(* Let $d\ge 3$. In every model of $\mathsf{SR}$, for any inertial observers $m$ and $k$, the worldview transformation $\mathsf{w}_{mk}$ is a Poincaré transformation of $Q^d$.
   Context: Language: two-sorted first-order language with sorts $B$ (bodies), $Q$ (quantities), unary $\mathsf{IOb}$ on $B$, binary $\mathsf{Ph}$ on $B$, operations $+,\cdot$ and relation $\le$ on $Q$, and $(d+2)$-ary $\mathsf{W}$ (first two arguments of sort $B$, rest of sort $Q$). $\mathsf{time}(\bar x,\bar y)=x_1-y_1$, $\mathsf{space}^2(\bar x,\bar y)=\sum_{i=2}^d(x_i-y_i)^2$. Write $\mathsf{ev}_m(\bar x)=\mathsf{ev}_k(\bar y)$ for $\forall b[\mathsf{W}(m,b,\bar x)\leftrightarrow\mathsf{W}(k,b,\bar y)]$. $\mathsf{SR}=\mathsf{SPR}^++\mathsf{AxLight}+\mathsf{AxOField}+\mathsf{AxEv}+\mathsf{AxSelf}+\mathsf{AxSymD}$, where: $\mathsf{SPR}^+$: for every formula $\varphi(h,\bar x)$ with at most one free variable $h$ of sort $B$, $\forall m k\bar x[\mathsf{IOb}(m)\land\mathsf{IOb}(k)\to(\varphi(m,\bar x)\leftrightarrow\varphi(k,\bar x))]$. $\mathsf{AxLight}$: $\exists m\,c\,[\mathsf{IOb}(m)\land c>0\land\forall\bar x\bar y\,(\exists p b[\mathsf{Ph}(p,b)\land\mathsf{W}(m,p,\bar x)\land\mathsf{W}(m,p,\bar y)]\leftrightarrow \mathsf{space}^2(\bar x,\bar y)=c^2\mathsf{time}(\bar x,\bar y)^2)]$. $\mathsf{AxOField}$: $\langle Q,+,\cdot,\le\rangle$ is an ordered field. $\mathsf{AxEv}$: $\mathsf{IOb}(m)\land\mathsf{IOb}(k)\to\exists\bar y\,\mathsf{ev}_m(\bar x)=\mathsf{ev}_k(\bar y)$ (for all $m,k,\bar x$). $\mathsf{AxSelf}$: $\mathsf{IOb}(m)\to\forall\bar x[\mathsf{W}(m,m,\bar x)\leftrightarrow x_2=\dots=x_d=0]$. $\mathsf{AxSymD}$: (i) if $\mathsf{IOb}(m),\mathsf{IOb}(k)$, $x_1=y_1$, $x'_1=y'_1$, $\mathsf{ev}_m(\bar x)=\mathsf{ev}_k(\bar x')$ and $\mathsf{ev}_m(\bar y)=\mathsf{ev}_k(\bar y')$, then $\mathsf{space}^2(\bar x,\bar y)=\mathsf{space}^2(\bar x',\bar y')$; (ii) $\mathsf{IOb}(m)\to\exists pb[\mathsf{Ph}(p,b)\land\mathsf{W}(m,p,0,\dots,0)\land\mathsf{W}(m,p,1,1,0,\dots,0)]$. Worldview transformation: $\mathsf{w}_{mk}=\{\langle\bar x,\bar y\rangle\in Q^d\times Q^d:\forall b[\mathsf{W}(m,b,\bar x)\leftrightarrow\mathsf{W}(k,b,\bar y)]\}$. A Poincaré transformation is an affine bijection $P:Q^d\to Q^d$ such that $\mathsf{time}(\bar x,\bar y)^2-\mathsf{space}^2(\bar x,\bar y)=\mathsf{time}(P\bar x,P\bar y)^2-\mathsf{space}^2(P\bar x,P\bar y)$ for all $\bar x,\bar y$. *)

From HB Require Import structures.
From mathcomp Require Import all_boot all_order all_algebra.
Set Implicit Arguments. Unset Strict Implicit. Unset Printing Implicit Defensive.
Import Order.TTheory GRing.Theory Num.Theory.
Local Open Scope ring_scope.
________________
- _Work to be completed_: A complete answer lists each line of the data that holds the word "From".

- _Response_:
From HB Require Import structures.
From mathcomp Require Import all_boot all_order all_algebra.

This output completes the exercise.